И ряды домов, они, кажется, застегнулись на все пуговицы, сдержанные, сверху донизу замкнутые, административные здания после конца рабочего дня, но стены и здесь облизаны коричневеющими тенями. А теперь — на широкие бульвары. Свет огней с готовностью проглатывает всё новые и новые, мягко подкатывающие машины, и вода канала блестит от их фар, а под деревьями — парад вечерней элегантности. Весь свет праздно прогуливается, тщеславное показывание себя и смотрение на других, среди киосков, под голубым еще пока небом, в котором бродит ледяной хрусталь. И наконец — фанфары! Фанфары! Появляется Мария на кукольных ножках, идет, смеясь и хмурясь. Salve Maria.
А я в этот вечер, в этом городе, разве я — невысказанное слово? Нет! Я проступаю из уст моей красавицы, ее блеск окутывает меня, ее глаза озаряют меня своим сиянием, надо мною — купол ее волос, на меня веет ароматом ее пальто и ее лица, которое всеми своими чертами безмолвно обращено ко мне, и ее белозубый смех, и уста, и голос, что звучит из уст, мелодия голоса поднимается вверх, потом спадает, того голоса, что рожден здесь, голоса, поющего этот язык.

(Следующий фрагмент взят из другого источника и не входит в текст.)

Lemma alphaX (k : nat) :
  alpha R p ^+ k = Complex (cos ((2 * pi / p%:R) *+ k)) (sin ((2 * pi / p%:R) *+ k)).
Proof.
elim: k => [|k IH]; first by rewrite expr0 !mulr0n cos0 sin0.
rewrite exprS IH /alpha; set t := 2 * pi / p%:R.
by rewrite (mulrS t) cosD sinD (addrC (sin t * _)).
Qed.

Lemma alpha_unity_root : alpha R p ^+ p = 1.
Proof.
rewrite alphaX -mulr_natr mulfVK ?pnatr_eq0 -?lt0n ?(ltn_trans _ p_gt2) //.
by rewrite mulr_natl cos2pi sin2pi.
Qed.

Lemma alpha_neq1 : alpha R p != 1.
Proof.
have p_gt0 : (0 < p)%N by rewrite (ltn_trans _ p_gt2).
apply/eqP => /(congr1 (@complex.Im R)) /= sin0.
have : 0 < sin (2 * pi / p%:R) :> R.
  apply: sin_gt0_pi; rewrite divr_gt0 ?mulr_gt0 ?pi_gt0 ?ltr0n //=.
  rewrite ltr_pdivrMr ?ltr0n // mulrC ltr_pM2l ?pi_gt0 //.
  by rewrite ltr_nat.
by rewrite sin0 ltxx.
Qed.

Lemma alpha_prim_root : prime p -> p.-primitive_root (alpha R p).
Proof.
move=> pp; have [m pm mp] := prim_order_exists (prime_gt0 pp) alpha_unity_root.
have [m1|m1] := eqVneq m 1%N.
  move: pm; rewrite m1 => /prim_expr_order; rewrite expr1 => alpha1.
  by move: alpha_neq1; rewrite alpha1 eqxx.
by move: pm; rewrite (prime_nt_dvdP pp m1 mp).
Qed.

End RootOfUnity.

Section ConjugatesOfE.
Variables (R : realType) (n p : nat).
Hypotheses (pp : prime p) (p_gt2 : (2 < p)%N) (p_dvd_n : (p %| n)%N) (n_gt0 : (0 < n)%N).

Lemma mxtrace_e_mat : \tr (e_mat R n p) = 0.
Proof.
have m_gt0 : (0 < n %/ p)%N by rewrite divn_gt0 ?prime_gt0 // dvdn_leq.
rewrite /e_mat mxtrace_diag; under eq_bigr do rewrite mxE.
rewrite -(big_mkord xpredT (fun j => alpha R p ^+ (j %/ (n %/ p)))).
set m := (n %/ p)%N; have -> : n = (p * m)%N by rewrite mulnC divnK.
rewrite sumr_nat_divn // big_mkord.
have /eqP := subrX1 (alpha R p) p.
rewrite alpha_unity_root // subrr eq_sym mulf_eq0 subr_eq0 (negbTE (alpha_neq1 _ p_gt2)).
by move=> /eqP ->; rewrite mul0rn.
Qed.

Lemma pgl_conjugate_e_mxtrace (x : PGLq R n) :
  pgl_conjugate x (e_elt R n p) -> \tr (repr x) = 0.
Proof.
move=> [g gu]; rewrite [pgl_mul g x]/pgl_mul /pgl_inv pgl_mul_pi /e_elt.
case/pgl_piP=> c c0 /(congr1 mxtrace); rewrite mxtrace_e_mat mxtraceZ.
rewrite mxtrace_mulC mulmxA mulVmx // mul1mx => /esym/eqP.
by rewrite mulf_eq0 (negbTE c0) => /eqP.
Qed.

End ConjugatesOfE.

Lemma fsumr1 (V : pzSemiRingType) (T : choiceType) (A : set T) :
  finite_set A -> \sum_(x \in A) (1 : V) = #|` fset_set A|%:R.
Proof. by move=> A_fin; rewrite fsbig_finite // -sum1_size natr_sum. Qed.

Section Characters.
Variables (R : realType) (n : nat) (A : set (PGLq R n)).
Local Notation C := (CC R).
Local Notation PG := (PGLq R n).

Definition pgl_character (chi : PG -> C) : Prop :=
  (forall x, A x -> chi x != 0) /\
  (forall x y, A x -> A y -> chi (pgl_mul x y) = chi x * chi y).

Hypotheses (A_PGL : A `<=` @PGL R n) (A_mul : forall x y, A x -> A y -> A (pgl_mul x y))
  (A_inv : forall x, A x -> A (pgl_inv x)).

Lemma fsum_character_eq0 (chi : PG -> C) (y : PG) :
  pgl_character chi -> A y -> chi y != 1 -> \sum_(x \in A) chi x = 0.
Proof.
move=> [_ chiM] Ay chiy1.
have right_mul_bij : set_bij A A (fun x => pgl_mul x y).
  split=> [x Ax | x z _ _ | z Az].
  - exact: A_mul.
  - exact/(pgl_mulIx (A_PGL Ay)).
  - exists (pgl_mul z (pgl_inv y)); first exact: A_mul Az (A_inv Ay).
    by rewrite -pgl_mulA (pgl_mulVx (A_PGL Ay)) pgl_mulx1.
have : \sum_(x \in A) chi x = chi y * \sum_(x \in A) chi x.
  rewrite {1}(reindex_fsbig _ _ _ _ right_mul_bij) mulr_fsumr.
  by apply: eq_fsbigr => x /set_mem Ax; rewrite chiM // mulrC.
move/eqP; rewrite -subr_eq0 -{1}[\sum_(x \in A) _]mul1r -mulrBl mulf_eq0 subr_eq0.
by rewrite eq_sym (negbTE chiy1) => /eqP.
Qed.

End Characters.

Section MaximalTorus.
Variables (R : realType) (n : nat) (g : 'M[CC R]_n).
Hypothesis g_unit : g \in unitmx.
Local Notation C := (CC R).
Local Notation PG := (PGLq R n).
Local Notation one := (pgl_one R n).

Definition teig (x : PG) (i : 'I_n) : C := (invmx g *m repr x *m g) i i.

(* Unlike the eigenvalues, their ratios do not depend on the representative of x. *)
Definition weight (x : PG) (j i : 'I_n) : C := teig x j / teig x i.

Голоса с виноградной мелодией. И ее рука с этими ногтями, рука Марии — тоже для меня, здесь:
Пусть мое имя обратится в старейшую таверну на улице, вымощенной булыжником, смиренно- старинное имя, самое бесстрашное из имен. И я подниму бокал прямо в этот небесный вечер и скажу
Salve, Maria! Salve Maria звучит у меня в голове, воздух salve Maria ощущают мои ноздри, я сокрушаю камни, я благословляю булыжник, я закладываю город. Salve основателю Рима, мне!
О если бы можно было вмуровать в стену этот момент, который весь поместился на одном- единственном листе, плавно опускающемся на землю. Скрепим собою этот момент, Мария, давай вырастим с тобою собор.